Sample versus population

It is important to understand whether data comes from a sample of the population – and if so who that sample does and doesn’t represent – or the full population, i.e., a census. Many countries have a census of population and of housing every five or ten years, and the U.S. supplements theirs with a yearly survey called the American Community Survey (ACS). But even the census is not really a true count of every individual. Most countries impute data from nonresponsive individuals (meaning where data is missing, they estimate what the answer would have been based on group patterns), which can introduce error for groups where response rates are low or the sample is not evenly distributed across the tract. In the ACS, the people that are missing are disproportionately disadvantaged, low-income communities of colour. Look at the documentation for the data to determine who is and isn’t represented.

Categories

Data is often organized into categories before it can be analyzed. Categories chosen by others may be inappropriate to answer your research questions: the definition of groups may not be relevant, and some groups may be missing altogether (among other issues). For example, conventional definitions of race/ethnicity or gender may not work for everyone. Another example is how the census typically categorizes incomes. There is abundant detail on low-income groups (e.g., 4-5 categories below median income), but very little on high-income (e.g., a high-income category of $200,000 and above). Since categories determine what gets analyzed, there is very little research on the top 1% of income earners. Take care to examine categories and identify missing groups.

Aggregation

In the U.S. and Canada, the gold standard for analyzing communities and neighborhoods is the census tract, a geographical unit of analysis that encompasses about 30 blocks. But census tracts can actually be deceptive on a map. If we classify neighborhoods in a particular way, we risk delegitimizing our work, because what’s true for a 30-block area may not be true for one particular block. Here’s an example of a map of gentrification and displacement in the New York City metropolitan area from the Urban Displacement Project. Despite deploying dozens of variables to depict neighbourhood change, these tract-wide designations may not represent every block. If aggregation is potentially problematic, find other approaches, like using heat maps instead.

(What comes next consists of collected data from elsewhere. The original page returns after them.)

(* Let $\mu>0$, $u_a\in\mathbb{R}$, $\alpha_\pm\ge0$, $u_->u_+$, and Riemann data $(\alpha_0,u_0)=(\alpha_-,u_-)$ for $x<0$, $(\alpha_+,u_+)$ for $x>0$. Let $u_l(t)=u_a+(u_--u_a)e^{-\mu t}$, $u_r(t)=u_a+(u_+-u_a)e^{-\mu t}$, $\sigma(t)=u_a+\big(\frac{u_-+u_+}{2}-u_a\big)e^{-\mu t}$, $\xi(t)=u_at+\frac{u_-+u_+-2u_a}{2\mu}(1-e^{-\mu t})$, and $\omega(t)=\frac{(\alpha_++\alpha_-)(u_--u_+)}{2\mu}(1-e^{-\mu t})$. Then $\alpha=\alpha^0+\omega(t)\delta(x-\xi(t))$, $u=u^0$ with $(\alpha^0,u^0)(x,t)=(\alpha_-,u_l(t))$ for $x<\xi(t)$ and $(\alpha_+,u_r(t))$ for $x>\xi(t)$ is a $\delta$-shock solution of $\partial_t\alpha+\partial_x(\alpha u)=0$, $\partial_tu+\partial_x(\tfrac12u^2)=\mu(u_a-u)$ with these data and $\omega_0=0$, i.e. a weak solution satisfying Lax's entropy condition $u_r(t)<\sigma(t)<u_l(t)$ for all $t\ge0$.
   Context: For $\psi\in\mathcal{C}_0^\infty(\mathbb{R}\times[0,\infty))$: $\langle\alpha,\psi\rangle=\int_0^\infty\int_{\mathbb{R}}\alpha^0\psi\,dx\,dt+\int_0^\infty\omega(t)\psi(\xi(t),t)dt$, $\langle\alpha u,\psi\rangle=\int_0^\infty\int_{\mathbb{R}}\alpha^0u^0\psi\,dx\,dt+\int_0^\infty\omega(t)\xi'(t)\psi(\xi(t),t)dt$. A weak solution with data $(\alpha_0,u_0)$ and initial weight $\omega_0$ means: for all such $\psi$, $\langle\alpha,\psi_t\rangle+\langle\alpha u,\psi_x\rangle=-\int\alpha_0\psi(x,0)dx-\omega_0\psi(\xi(0),0)$ and $\int_0^\infty\int\big(u\psi_t+\tfrac{u^2}{2}\psi_x+\mu(u_a-u)\psi\big)dx\,dt=-\int u_0\psi(x,0)dx$. *)

From Stdlib Require Import Reals Lra ClassicalEpsilon.
Open Scope R_scope.

Definition Integrable (f : R -> R) (a b : R) : Prop :=
  inhabited (Riemann_integrable f a b).

(* Total Riemann integral: the Riemann integral when it exists, 0 otherwise
   (the value is independent of the integrability proof, RiemannInt_P5).
   Statements always assert integrability separately. *)
Definition RInt (f : R -> R) (a b : R) : R :=
  match excluded_middle_informative (Integrable f a b) with
  | left H =>
      RiemannInt (proj1_sig (constructive_indefinite_description
        (fun _ : Riemann_integrable f a b => True)
        (match H with inhabits pr => ex_intro _ pr I end)))
  | right _ => 0
  end.

Definition Int2 (F : R -> R -> R) (L T : R) : R :=
  RInt (fun t => RInt (fun x => F x t) (- L) L) 0 T.

Definition Integrable2 (F : R -> R -> R) (L T : R) : Prop :=
  (forall t, 0 <= t <= T -> Integrable (fun x => F x t) (- L) L) /\
  Integrable (fun t => RInt (fun x => F x t) (- L) L) 0 T.

Definition cont2 (f : R -> R -> R) : Prop :=
  forall x t eps, 0 < eps -> exists d, 0 < d /\
    forall y s, Rabs (y - x) < d -> Rabs (s - t) < d ->
      Rabs (f y s - f x t) < eps.

(* C^infinity on R^2: f continuous, both first partial derivatives exist
   everywhere and are themselves C^infinity. *)
CoInductive smooth2 (f : R -> R -> R) : Prop :=
  smooth2_intro : forall fx ft : R -> R -> R,
    cont2 f ->
    (forall x t, derivable_pt_lim (fun y => f y t) x (fx x t)) ->
    (forall x t, derivable_pt_lim (fun s => f x s) t (ft x t)) ->
    smooth2 fx -> smooth2 ft -> smooth2 f.

From Pilot Require Import Defs.
From Stdlib Require Import Reals.
Open Scope R_scope.
From Stdlib Require Import Lra FunctionalExtensionality ClassicalEpsilon.
From Coquelicot Require Coquelicot.

(* Away from the curve x = ξ(t) the pair (α⁰, u⁰) is constant in x and u solves the
   relaxation ODE u' = μ (u_a - u), so it is a classical solution there.  Splitting each
   x-integral at ξ(t), integrating ∂ₓψ exactly and differentiating the moving-endpoint
   integrals by Leibniz's rule, every weak-form integrand becomes the t-derivative of
     α₋ ∫_{-L}^{ξ} ψ + α₊ ∫_{ξ}^{L} ψ + ω ψ(ξ, t)    resp.    u_l ∫_{-L}^{ξ} ψ + u_r ∫_{ξ}^{L} ψ,
   precisely because ξ' = σ = (u_l + u_r)/2 and ω' = σ [α] - [α u] (generalized
   Rankine–Hugoniot conditions).  Integrating in t leaves only the boundary term at t = 0,
   which is the integral of the initial data.  Lax's condition holds since
   u_l - u_r = (u_- - u_+) e^{-μ t} > 0 and σ is their mean. *)

Module DeltaShock.
Import Coquelicot.Coquelicot.

Lemma is_RInt_RInt (f : R -> R) a b : ex_RInt f a b -> is_RInt f a b (RInt f a b).
Proof. exact (@RInt_correct R_CompleteNormedModule f a b). Qed.

Lemma Integrable_of_is_RInt (f : R -> R) a b v :
  is_RInt f a b v -> Defs.Integrable f a b /\ Defs.RInt f a b = v.
Proof.
  intros H.
  assert (pr : Riemann_integrable f a b) by (apply ex_RInt_Reals_0; exists v; exact H).
  split; [constructor; exact pr|].
  unfold Defs.RInt.
  destruct (excluded_middle_informative _) as [I|N]; [|now elim N].
  rewrite <- RInt_Reals. exact (is_RInt_unique f a b v H).
Qed.

Lemma continuous_of_continuity_pt (f : R -> R) x : continuity_pt f x -> continuous f x.
Proof. apply continuity_pt_filterlim. Qed.

Lemma continuity_pt_of_is_derive (f : R -> R) x l : is_derive f x l -> continuity_pt f x.
Proof.
  intros H. apply continuity_pt_filterlim, (@ex_derive_continuous R_AbsRing R_NormedModule).
  now exists l.
Qed.

Lemma ex_RInt_of_continuity (f : R -> R) a b : (forall t, continuity_pt f t) -> ex_RInt f a b.
Proof.
  intros Hf. apply (@ex_RInt_continuous R_CompleteNormedModule).
  intros; now apply continuous_of_continuity_pt.
Qed.

Lemma Integrable_of_continuity (f : R -> R) a b :
  (forall t, continuity_pt f t) -> Defs.Integrable f a b /\ Defs.RInt f a b = RInt f a b.
Proof.
  intros Hf. apply Integrable_of_is_RInt, is_RInt_RInt.
  now apply ex_RInt_of_continuity.
Qed.

Lemma Int2_of_is_RInt (F : R -> R -> R) (f : R -> R) L T :
  (forall t, is_RInt (fun x => F x t) (- L) L (f t)) -> (forall t, continuity_pt f t) ->
  Integrable2 F L T /\ Int2 F L T = RInt f 0 T.
Proof.
  intros HF Hf.
  assert (E : (fun t => Defs.RInt (fun x => F x t) (- L) L) = f).
  { extensionality t. apply Integrable_of_is_RInt, HF. }
  unfold Integrable2, Int2. rewrite E.
  split; [split|]; try apply Integrable_of_continuity, Hf.
  intros t _. apply (Integrable_of_is_RInt _ _ _ _ (HF t)).
Qed.

Lemma RInt_eq_0 (f : R -> R) a b :
  (forall x, Rmin a b < x < Rmax a b -> f x = 0) -> RInt f a b = 0.
Proof.
  intros H. rewrite (RInt_ext f (fun _ => 0)) by exact H.
  rewrite RInt_const. apply (@scal_zero_r R_Ring R_ModuleSpace).
Qed.

Lemma RInt_plus_of_continuity (f g : R -> R) a b :
  (forall t, continuity_pt f t) -> (forall t, continuity_pt g t) ->
  RInt f a b + RInt g a b = RInt (fun t => f t + g t) a b.
Proof.
  intros Hf Hg. symmetry.
  exact (RInt_plus f g a b (ex_RInt_of_continuity f a b Hf) (ex_RInt_of_continuity g a b Hg)).
Qed.

Lemma is_derive_eq (f : R -> R) x l l' : is_derive f x l -> l = l' -> is_derive f x l'.
Proof. now intros H <-. Qed.

Lemma RInt_antiderivative (F f : R -> R) a b :
  (forall t, is_derive F t (f t)) -> (forall t, continuity_pt f t) -> RInt f a b = F b - F a.
Proof.
  intros dF Hf. apply is_RInt_unique.
  apply (@is_RInt_derive R_CompleteNormedModule F f a b); intros; auto.
  now apply continuous_of_continuity_pt.
Qed.

Lemma is_RInt_combo (f g k : R -> R) a b If Ig Ik p q r :
  is_RInt f a b If -> is_RInt g a b Ig -> is_RInt k a b Ik ->
  is_RInt (fun x => p * f x + q * g x + r * k x) a b (p * If + q * Ig + r * Ik).
Proof.
  intros Hf Hg Hk.
  exact (is_RInt_plus _ _ _ _ _ _
           (is_RInt_plus _ _ _ _ _ _ (is_RInt_scal _ _ _ p _ Hf) (is_RInt_scal _ _ _ q _ Hg))
           (is_RInt_scal _ _ _ r _ Hk)).
Qed.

Source: Urban Displacement Project.

Source: Gentry.io.

Boundaries

People who are familiar with particular communities may perceive its boundaries differently from the boundaries as defined in available datasets. Thus, the story from the ground may be very different from what your data says. For example, when we use different definitions of downtown we get very different results, like in this map of post-pandemic recovery for Cleveland from the Downtown Recovery Project at the School of Cities. The city might have an idea of what its downtown is, but one can also define downtown by where the jobs are or where the office and retail buildings are or where the post office says it is. The rate of recovery varies from 66% to 85% of pre-pandemic levels depending on where the boundaries are. Thus, the process of analyzing communities and establishing analytical boundaries needs to be sensitive to the local context.

Source: Gentry.io.

Legitimacy

Any data visualization should have clear credentials: the what-who-why-when-where of data literacy. Data categories and axes need labels (what), the source of data needs to be cited (who), the original purpose of the data should be clear in that citation (why), the time period needs to be defined (when), and the place and means of data collection should be transparent (how and where). But note, credentialing urban data doesn’t mean adding more decimal places. This implies a scientific precision that may not exist in the small samples that constitute most urban datasets. So, explain your work!